Can someone help me with the benefits pro's/con's that people see from this bloodline, i'm leaning a certain way for a certain reason, but I just don't know these lines like I do west german.

Beyla Vom Wachter

Litter from Cai Jiro z Hrdinneho Odvahy and Caspian z Pravda Protektor

I'm ultimately looking for a strongly bonded family companion that will compete in schutzhund/IPO


----------



## holland (Jan 11, 2009)

I am not a pedigree expert-but I have liked dogs with Cordon an sat in the pedigree-but know nothing about the second pedigree


----------



## cliffson1 (Sep 2, 2006)

If you get the right puppy, you should have no problem with your stated desires.
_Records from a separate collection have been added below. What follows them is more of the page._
(* Quantities for P_{U,V,X} = P_{U,V} P_{X|V} with kernel K = P_{X|V}. *)
Definition jointUVY (U V : finType) (PUV : U * V -> R) (K : V -> Xin -> R)
  (u : U) (v : V) (y : bool) : R :=
  \sum_(x : Xin) \sum_(z : bool) PUV (u, v) * K v x * W x y z.
Definition jointUVZ (U V : finType) (PUV : U * V -> R) (K : V -> Xin -> R)
  (u : U) (v : V) (z : bool) : R :=
  \sum_(x : Xin) \sum_(y : bool) PUV (u, v) * K v x * W x y z.
Definition costUV (U V : finType) (PUV : U * V -> R) (K : V -> Xin -> R) : R :=
  \sum_(u : U) \sum_(v : V) \sum_(x : Xin) PUV (u, v) * K v x * cost x.

Definition jointVY (V : finType) (PVX : V * Xin -> R) (v : V) (y : bool) : R :=
  \sum_(x : Xin) \sum_(z : bool) PVX (v, x) * W x y z.
Definition jointVZ (V : finType) (PVX : V * Xin -> R) (v : V) (z : bool) : R :=
  \sum_(x : Xin) \sum_(y : bool) PVX (v, x) * W x y z.
Definition costV (V : finType) (PVX : V * Xin -> R) : R :=
  \sum_(v : V) \sum_(x : Xin) PVX (v, x) * cost x.

(* Achievability is time sharing between an uncoded bit sent over the noiseless
   branch [Zt = 1] and the cost-free input [(0, 0)]: the eavesdropper only sees
   which branch is used, i.e. [U], so it learns nothing given [U], while the
   legitimate receiver gets one bit half of the time.
   For the converse let [A] be the probability of [Zt = 0], so [A >= 1/2] by
   the cost constraint. Writing mutual informations of binary outputs as
   differences of (unnormalised) binary entropies, convexity of [x ln x] bounds
   the per-letter contribution of each [v], and the log-sum inequality
   aggregates these bounds: in nats, [I(V;Y) - I(V;Z) <= ln 2 - h(A/2)] with [h]
   the binary entropy. Since [h(A/2) >= A (1 - A/2) >= 3/8] and [ln 2 < 3/4],
   this is strictly below half a bit. *)

From Stdlib Require Import Reals FunctionalExtensionality.
From mathcomp Require Import all_boot all_order all_algebra.
From mathcomp Require Import Rstruct.
From mathcomp Require Import lra ring.
Import Order.TTheory GRing.Theory Num.Theory.
Set Implicit Arguments. Unset Strict Implicit.
Local Open Scope ring_scope.
Arguments ln _%_ring_scope.
Arguments log2 x%_ring_scope.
A lot of line breeding on Grim, but far enough away to not cause issues.


----------



## BallsofMeat (Apr 11, 2015)

These pups are fine for what you're looking for.


----------



## Waldi (Jun 14, 2013)

I have Czech working line ans she is very focused on doing job but also very gentile, not much difference overall between german and czech line really.


----------



## Ace952 (Aug 5, 2010)

I know the owner of the sire (Cerberus) of Beyla. Very nice and STRONG dog. Has consistently produced good hips/elbows along with solid nerves. Sire is a former special forces dog who has a son who has followed his footsteps. Sire is also linebred on Titus z PS & Cordon An-Sat

This was a outside breeding.


----------



## Ziadbelal (Jan 10, 2015)

is this a pure bred german sheperd or a mix.


----------